Lloyd Edge is the director and founder of Aus Property Professionals. His new book, Buy Now, is the ultimate guide to owning and investing in property.
It’s no secret that housing affordability has become an issue for many Australians, particularly those living in capital cities such as Sydney, Melbourne and Brisbane. Whilst house prices might be falling in these areas, owning your own home is still out of reach for many first home buyers trying to get their foot on the property ladder.
In our recent federal election, housing affordability was a contentious topic, with both sides proposing their solutions to help more people purchase their first home. For a select few, Labor’s proposed ‘Help To Buy’ scheme will see the government contribute 40% towards the value of a house, meaning that you could potentially only need a 2% deposit to buy a home.
One option available to potential investors to help them break into an increasingly challenging property market is through using a SMSF (self-managed super fund). Note that you cannot use a regulated super fund, such an industry or a retail super fund, to buy property.
The benefits of a SMSF is that it allows you to invest in a wider range of assets than other super funds let you do, however, there are very strict rules around what you can and can’t do with investment properties. For example, the property has to be rented out at market rate and fund members or their relatives are not allowed to live in the property.
My own property journey began when I was 28 and bought a one-bedroom unit on a music teacher’s salary of no more than $70,000 per year. In almost 20 years, through a lot of hard work and perseverance, I’ve built up my portfolio to 18 properties worth $15 million (you can read more about my story in my new book, Buy Now). While I still believe that anyone can break into the property market with the right strategy, it has become considerably more challenging for this generation to get their foot on the ladder at all.

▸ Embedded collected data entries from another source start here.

Lemma X_sub_succ n x : (0 < n)%N -> X n x -> X n.+1 x.
Proof.
move=> n_gt0; move: x; apply: X_ind => [|x y|a b Ma Mb]; [exact: X0 | exact: XD |].
have Mae : M n.+1 (a * e n) by apply: mem_MM (mem_MS Ma) (mem_e n_gt0).
have Meb : M n.+1 (e n * b) by apply: mem_MM (mem_e n_gt0) (mem_MS Mb).
rewrite -[e n]scale_d2K -(mt_e_TL1 tower n_gt0) -scalerAr -scalerAl.
apply: XZ; rewrite (_ : a * _ * b = a * e n * e n.+1 * (e n * b)); last by rewrite !mulrA.
exact: X_aeb.
Qed.

Lemma Ysp_mul_Xsp n y x : (0 < n)%N -> Ysp M e n.+1 y -> Xsp M e n x -> y * x = 0.
Proof.
case: n => [//|[_ _ /= ->|m _ [_ ann]]]; first by rewrite mulr0.
by move=> /(XspE (ltn0Sn m)) /(X_sub_succ (ltn0Sn m)) /(XspE (ltn0Sn m.+1)); apply: ann.
Qed.

Lemma E_Ysp n y : (0 < n)%N -> Ysp M e n.+1 y -> Ysp M e n (E n.+1 y).
Proof.
move=> n_gt0 Yy; have [My _] := Yy; split; first exact: (E_range (ltn0Sn n) My).
move=> x Xx; rewrite -(E_mulr (ltn0Sn n) (Xsp_sub_M Xx) My) (Ysp_mul_Xsp n_gt0 Yy Xx).
exact: E0.
Qed.

Lemma Ysp_eq0_succ n : (0 < n)%N -> (forall y, Ysp M e n y -> y = 0) ->
  forall y, Ysp M e n.+1 y -> y = 0.
Proof.
move=> n_gt0 Y0 y [My ann].
have Yyy : Ysp M e n.+1 (star y * y).
  split=> [|x Xx]; first exact: mem_MM (mem_Mstar My) My.
  by rewrite -mulrA ann ?mulr0.
apply: (trace_faithful My); rewrite -(E_trace (ltn0Sn n) (mem_MM (mem_Mstar My) My)).
by rewrite (Y0 _ (E_Ysp n_gt0 Yyy)) trace0.
Qed.

Lemma Ysp_eq0_ge n : (0 < n)%N -> (forall y, Ysp M e n y -> y = 0) ->
  forall k, (n <= k)%N -> forall y, Ysp M e k y -> y = 0.
Proof.
move=> n_gt0 Y0 k le_nk; rewrite -(subnKC le_nk); elim: (k - n)%N => [|j IH].
  by rewrite addn0.
by rewrite addnS; apply: Ysp_eq0_succ IH; rewrite ltn_addr.
Qed.

End MarkovTower.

So, should you consider using a SMSF to help you buy your first investment property? I’ll discuss some of the pros and cons below so you can make up your own mind about what the best outcome might be for you.
Advantages
You Don’t Need to Save (As Much) for a Deposit
As the cost of living keeps rising, people are finding it increasingly difficult (maybe even impossible) to save up for their first home deposit. Using your super to buy a house might help you get into the property market sooner rather than later, giving a lot of young families the extra leg up they need to buy their very first home.
Your Super Is Your Own Money
If you use your super to buy a house, you’re still using your own savings and therefore you will own 100% of your home outright once the mortgage is paid off. For most people, a house is likely to be one of the most important financial assets you’ll ever own, so this decision will pay off in the long run.
It’ll Set You Up for the Long Run
Following on from my previous point, with property values doubling every 10-13 years or so, owning your own home will set you up well for your financial future.
Disadvantages
Your Super Won’t Be the Same
Even if you manage to pay the money back over time, due to compound interest your super won’t grow to the same level it could have been. However, what you would lose in potential super you should make up for in the value of your investment property down the track, and if you sell the house, you can repay the value of the deposit plus capital gains into your super fund.
You Won’t Get Diversification
One of the biggest advantages of super is that it is diversified across a range of investments and asset classes, ensuring that if anything goes wrong with one specific asset you don’t lose all your savings. However, when you invest all your money into a single house you lose that diversification, and some of the tax advantages provided by super.
Super Probably Won’t Cover Everything
This one is dependent upon how much super you have in your fund. If you’re under the age of 30, most likely your super will be enough for a deposit on an entry level house (if your income can sustain the repayments, of course) however it won’t cover all the additional, upfront costs such as stamp duty, legal fees, and building and pest inspections. If you’re buying a unit in an apartment block, you’ll also have to pay strata fees and for a strata report.
Bottom Line
At the end of the day, whether you should use a SMSF to buy an investment property all comes down to your individual circumstances, your financial priorities, and whether you think it would be beneficial for you in the long run. Buying an investment property, or building up a portfolio, is a dream for many Australians, and with perseverance, hard work and the right strategy it’s still possible for everyday Aussies to break into the property market.